5. 1969: AFL Championship Game
Fresh off the controversial merger, the rival franchises faced off in the AFL title game for the 1968 season. Both teams were loaded with star power, yet only one side came to play. The Raiders blew out Kansas City, 41-6, sending them to their first Super Bowl appearance.
This may not have been amongst the competitive games of the rivalry, but it certainly added fuel to the fire for the Chiefs and evened out the hatred after Hunt’s shunning of Davis in negotiations.
4. 1970: The Brawl
Two years later, the hatred was still raw and manifested on the field.
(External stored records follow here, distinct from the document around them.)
Lemma nangle_slst_smor_eq0 Y : N Y -> slst Y ∘ smor Y m.+2 = 0%R.
Proof.
move=> NY.
have Nrot : N (Defs.rot (triv S m.+3 (sob Y 1))) by apply: (proj1 (N2 HN _)); apply: (N1b HN).
have [|psi [psi1 _ [psi_sq psi_last]]] :=
  N3 HN NY Nrot (f1 := idm (sob Y 1)) (f2 := 0%R).
  by rewrite comp0l /= castH0 comp0l.
have := psi_sq m.+2; rewrite leqnn /= ltnn eqxx castH0 comp0l => /(_ isT) psi_n0.
move: psi_last; rewrite psi1 SM_id Defs.comp1f => ->.
by rewrite -Defs.compA psi_n0 comp0r.
Qed.

End NangleComposites.

Section ConeSummand.
Variables (C : addcat) (S : autom C) (m : nat) (X Y : nSseq S m.+3).
Variable phi : forall i, HomC (sob X i) (sob Y i).
Hypotheses (eYX : sob Y 1 = sob X 1) (phi1 : phi 1 = castH (idm (sob X 1))).
Hypothesis phi_morph : is_morph phi.
Hypotheses (alpha21 : smor X 2 ∘ smor X 1 = 0%R)
  (beta_last : slst Y ∘ smor Y m.+2 = 0%R).

Local Notation L := (l4seq phi).
Local Notation K := (cone phi).

Definition phi1_inv : HomC (sob Y 1) (sob X 1) := castH (idm (sob Y 1)).

Lemma phi1K : phi1_inv ∘ phi 1 = idm _.
Proof. by rewrite phi1 castH_idmK. Qed.

Lemma phi1_invK : phi 1 ∘ phi1_inv = idm _.
Proof. by rewrite phi1 castH_idmK. Qed.

Lemma comp_SM_phi1_invK D (f : HomC (SO S (sob Y 1)) D) :
  f ∘ SM S (phi 1) ∘ SM S phi1_inv = f.
Proof. by rewrite -Defs.compA -SM_comp phi1_invK SM_id Defs.compf1. Qed.

Lemma comp_SM_phi1K D (f : HomC (SO S (sob X 1)) D) :
  f ∘ SM S phi1_inv ∘ SM S (phi 1) = f.
Proof. by rewrite -Defs.compA -SM_comp phi1K SM_id Defs.compf1. Qed.

Lemma castH_slstY :
  (castH (slst Y) : HomC (sob Y m.+3) (SO S (sob X 1))) = SM S phi1_inv ∘ slst Y.
Proof. by rewrite (castH_compl _ (f_equal (SO S) eYX)) SM_castH // SM_id. Qed.

Lemma smorY1E : phi 2 ∘ smor X 1 ∘ phi1_inv = smor Y 1.
Proof. by rewrite (proj1 phi_morph) // -Defs.compA phi1_invK Defs.compf1. Qed.

Lemma slstXE : SM S phi1_inv ∘ slst Y ∘ phi m.+3 = slst X.
Proof.
rewrite -Defs.compA -(proj2 phi_morph) Defs.compA -SM_comp phi1K.
by rewrite SM_id Defs.comp1f.
Qed.

Lemma slstY_smor_eq0 : SM S phi1_inv ∘ slst Y ∘ smor Y m.+2 = 0%R.
Proof. by rewrite -Defs.compA beta_last comp0r. Qed.

Lemma l4ob_mid i : 1 < i <= m.+2 -> l4ob X Y i = bsum (sob X i.+1) (sob Y i).
Proof. by case/andP=> i_gt1 i_le; rewrite /l4ob gtn_eqF // i_le. Qed.

Lemma cob_mid i : i <= m.+2 -> cob X Y i = bsum (sob X i.+1) (sob Y i).
Proof. by rewrite /cob => ->. Qed.

Definition l4_to_cone i : HomC (sob L i) (sob K i) :=
  if i == 1 then castH (@binl C (sob X 2) (sob Y 1))
  else if i <= m.+2 then castH (twist (sob X i.+1) (sob Y i) (odd i))
  else castH ((binr - binl ∘ (SM S phi1_inv ∘ slst Y))%R
                : HomC (sob Y m.+3) (bsum (SO S (sob X 1)) (sob Y m.+3))).

Definition cone_to_l4 i : HomC (sob K i) (sob L i) :=
  if i == 1 then castH ((bprl + smor X 1 ∘ phi1_inv ∘ bprr)%R
                          : HomC (bsum (sob X 2) (sob Y 1)) (sob X 2))
  else if i <= m.+2 then castH (twist (sob X i.+1) (sob Y i) (odd i))
  else castH (@bprr C (SO S (sob X 1)) (sob Y m.+3)).

Lemma l4_to_cone_first : l4_to_cone 2 ∘ smor L 1 = smor K 1 ∘ l4_to_cone 1.
Proof.
rewrite /l4_to_cone /= !castH_comp //; congr castH.
by rewrite twist0 Defs.comp1f; apply: hom_bsum_ext; rewrite /mat; hom_normalize.
Qed.

Lemma l4_to_cone_mid i : 1 < i < m.+2 ->
  l4_to_cone i.+1 ∘ smor L i = smor K i ∘ l4_to_cone i.
Proof.
case/andP=> i_gt1 i_lt; have i_le := ltnW i_lt.
rewrite /l4_to_cone /= (gtn_eqF i_gt1) (gtn_eqF (ltnW i_gt1 : 1 < i.+1)) i_lt i_le.
rewrite !castH_comp; try by rewrite ?l4ob_mid ?cob_mid ?i_gt1 //= ltnW.
by congr castH; rewrite twist_mat.
Qed.

Lemma l4_to_cone_penult :
  l4_to_cone m.+3 ∘ smor L m.+2 = smor K m.+2 ∘ l4_to_cone m.+2.
Proof.
rewrite /l4_to_cone /= ltnn eqxx leqnn castH_id !negbK.
rewrite !castH_comp; try by rewrite /l4ob /cob /= ?ltnn ?leqnn.
congr castH; apply: hom_bsum_ext; apply: bsum_hom_ext;
  rewrite /twist /mat /sgn; case: (odd m); hom_normalize;
  by rewrite ?slstXE ?slstY_smor_eq0 ?oppr0.
Qed.

Lemma l4_to_cone_last :
  SM S (l4_to_cone 1) ∘ slst L = slst K ∘ l4_to_cone m.+3.
Proof.
rewrite /l4_to_cone /= ltnn castH_slstY SM_castH // !castH_comp;
  try by rewrite /l4ob /cob /= ?ltnn.
congr castH; rewrite /clst0; hom_normalize.
by rewrite comp_SM_phi1_invK subrr addr0.
Qed.

Lemma cone_to_l4_first : cone_to_l4 2 ∘ smor K 1 = smor L 1 ∘ cone_to_l4 1.
Proof.
rewrite /cone_to_l4 /= !castH_comp //; congr castH; rewrite twist0 Defs.comp1f.
apply: hom_bsum_ext; apply: bsum_hom_ext; rewrite /mat; hom_normalize;
  by rewrite ?alpha21 ?smorY1E ?comp0l ?oppr0.
Qed.

Lemma cone_to_l4_mid i : 1 < i < m.+2 ->
  cone_to_l4 i.+1 ∘ smor K i = smor L i ∘ cone_to_l4 i.
Proof.
case/andP=> i_gt1 i_lt; have i_le := ltnW i_lt.
rewrite /cone_to_l4 /= (gtn_eqF i_gt1) (gtn_eqF (ltnW i_gt1 : 1 < i.+1)) i_lt i_le.
rewrite !castH_comp; try by rewrite ?l4ob_mid ?cob_mid ?i_gt1 //= ltnW.
by congr castH; rewrite twist_matN.
Qed.

Lemma cone_to_l4_penult :
  cone_to_l4 m.+3 ∘ smor K m.+2 = smor L m.+2 ∘ cone_to_l4 m.+2.
Proof.
rewrite /cone_to_l4 /= ltnn eqxx leqnn castH_id !negbK.
rewrite !castH_comp; try by rewrite /l4ob /cob /= ?ltnn ?leqnn.
congr castH; apply: bsum_hom_ext;
  rewrite /twist /mat /sgn; case: (odd m); hom_normalize;
  by rewrite ?slstXE ?slstY_smor_eq0 ?oppr0.
Qed.

Lemma cone_to_l4_last :
  SM S (cone_to_l4 1) ∘ slst K = slst L ∘ cone_to_l4 m.+3.
Proof.
rewrite /cone_to_l4 /= ltnn castH_slstY SM_castH // !castH_comp;
  try by rewrite /l4ob /cob /= ?ltnn.
congr castH; apply: bsum_hom_ext; rewrite /clst0 SM_add !SM_comp; hom_normalize;
  by rewrite ?comp_SM_phi1K ?addNr.
Qed.

Lemma cone_to_l4K i : 1 <= i <= m.+3 -> cone_to_l4 i ∘ l4_to_cone i = idm _.
Proof.
move: i; apply: (@interval_cases 1 m.+3 (fun i => cone_to_l4 i ∘ l4_to_cone i = idm _))
  => [|| i /andP[i_gt1 i_le]].
- by rewrite /cone_to_l4 /l4_to_cone /= castH_comp // castH_id; hom_normalize.
- rewrite /cone_to_l4 /l4_to_cone /= ltnn castH_comp;
    try by rewrite /l4ob /cob /= ?ltnn.
  by apply: castH_idmE; [rewrite /l4ob /= ltnn | hom_normalize].
- have i_mid : 1 < i <= m.+2 by rewrite i_gt1.
  rewrite /cone_to_l4 /l4_to_cone (gtn_eqF i_gt1) (i_le : i <= m.+2).
  have eL : sob L i = bsum (sob X i.+1) (sob Y i) := l4ob_mid i_mid.
  have eK : sob K i = bsum (sob X i.+1) (sob Y i) := cob_mid i_le.
  by rewrite castH_comp ?eL ?eK //; apply: castH_idmE; rewrite ?eL ?twistK.
Qed.

Lemma l4_to_cone_morph : is_morph l4_to_cone.
Proof.
split; last exact: l4_to_cone_last.
exact: interval_cases l4_to_cone_first l4_to_cone_penult l4_to_cone_mid.
Qed.

Lemma cone_to_l4_morph : is_morph cone_to_l4.
Proof.
split; last exact: cone_to_l4_last.
exact: interval_cases cone_to_l4_first cone_to_l4_penult cone_to_l4_mid.
Qed.

Lemma l4seq_summand_cone : summand L K.
Proof.
exists l4_to_cone, cone_to_l4; split.
- exact: l4_to_cone_morph.
- exact: cone_to_l4_morph.
- exact: cone_to_l4K.
Qed.

End ConeSummand.

Theorem lemma4p1 (C : addcat) (S : autom C) (n : nat)
    (N : nSseq S n -> Prop) :
  3 <= n -> nangulated N ->
  forall (X Y : nSseq S n), N X -> N Y ->
  sob Y 1 = sob X 1 ->
  forall phi : forall i, HomC (sob X i) (sob Y i),
    phi 1 = castH (idm (sob X 1)) ->
    is_morph phi ->
    N (cone phi) ->
    N (l4seq phi).
Proof.
case: n N => [|[|[|m]]] N // _ HN X Y NX NY eYX phi phi1 phi_morph Ncone.
apply: (N1a_summand HN Ncone).
exact: l4seq_summand_cone eYX phi1 phi_morph
  (nangle_smor21_eq0 HN NX) (nangle_slst_smor_eq0 HN NY).
Qed.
With Kansas City up 17-14 late in the fourth quarter, Chiefs quarterback Len Dawson ran for a first down with 1:08 on the clock, only for Raiders defensive end Ben Davidson to spear him with the back of his helmet after the play while he was still down.
As you might expect, this sparked a melee that led to Davidson’s ejection—as well as off-setting penalties that forced a Chiefs punt. The Raiders responded with a George Bland game-tying field goal—and the tie gave Oakland the AFC West crown. Yes, the rules have since changed to count the first-down before off-setting penalties.
3. Oct. 5, 1986: Two Brawls
The L.A. Raiders traveled to Kansas City, and things quickly got ugly. The Raiders came into the game without Marcus Allen and took another blow when safety Van McElroy was ejected in the first half. In fact, the team’s engaged in not one, but two brawls that resulted in multiple ejections and suspensions.
Chiefs quarterback Marc Wilson led his team to 17 point-lead, only to get injured on the opening drive of the second half. By then, L.A. had closed the gap to 17-14. In the second half, 38-year old Jim Plunkett conjured up two scoring drives to lead L.A. to an unlikely 24-17 road victory.
2. 1990s: Marcus Allen and “Raiders Week”
Throughout the ‘90s, the Chiefs dominated the Raiders. Chiefs coach Marty Schottenheimer viewed Oakland as disrespectful and arrogant, and posted “Raiders Week” signs around the team facilities in the days ahead of each matchup with Oakland. The tactic worked: Kansas City won 18 or 21 games over Oakland under Schottenheimer, including a playoff victory in 1991.
In 1991, Oakland’s All-Pro running back Marcus Allen—who had rushed for 40 touchdowns and won Super Bowl XVIII in his first four seasons—feuded with Davis, leading to the star’s release. Not coincidentally, Allen signed with the team’s bitter rival to play alongside Joe Montana and face the Raiders twice a year. Allen would go 9-1 vs. Oakland whilst in Kansas City.
1. Week 17 in the 1999 Season
When it’s a rivalry, there’s always something to play for. In the final game of the 1999 season, the Raiders ventured into Arrowhead Stadium nursing various injuries and fresh off elimination from the playoff contention one week earlier. Kansas City needed a win to secure the AFC West.
The Chiefs jumped out to a 17-0 lead, but Rich Gannon’s stellar play and a blocked-punt touchdown brought Oakland back to a 28-24 halftime lead. The see-saw second half led to overtime, where Gannon set up a 33-yard field goal to give the Raiders the 41-38 win and keep the Chiefs out of the postseason.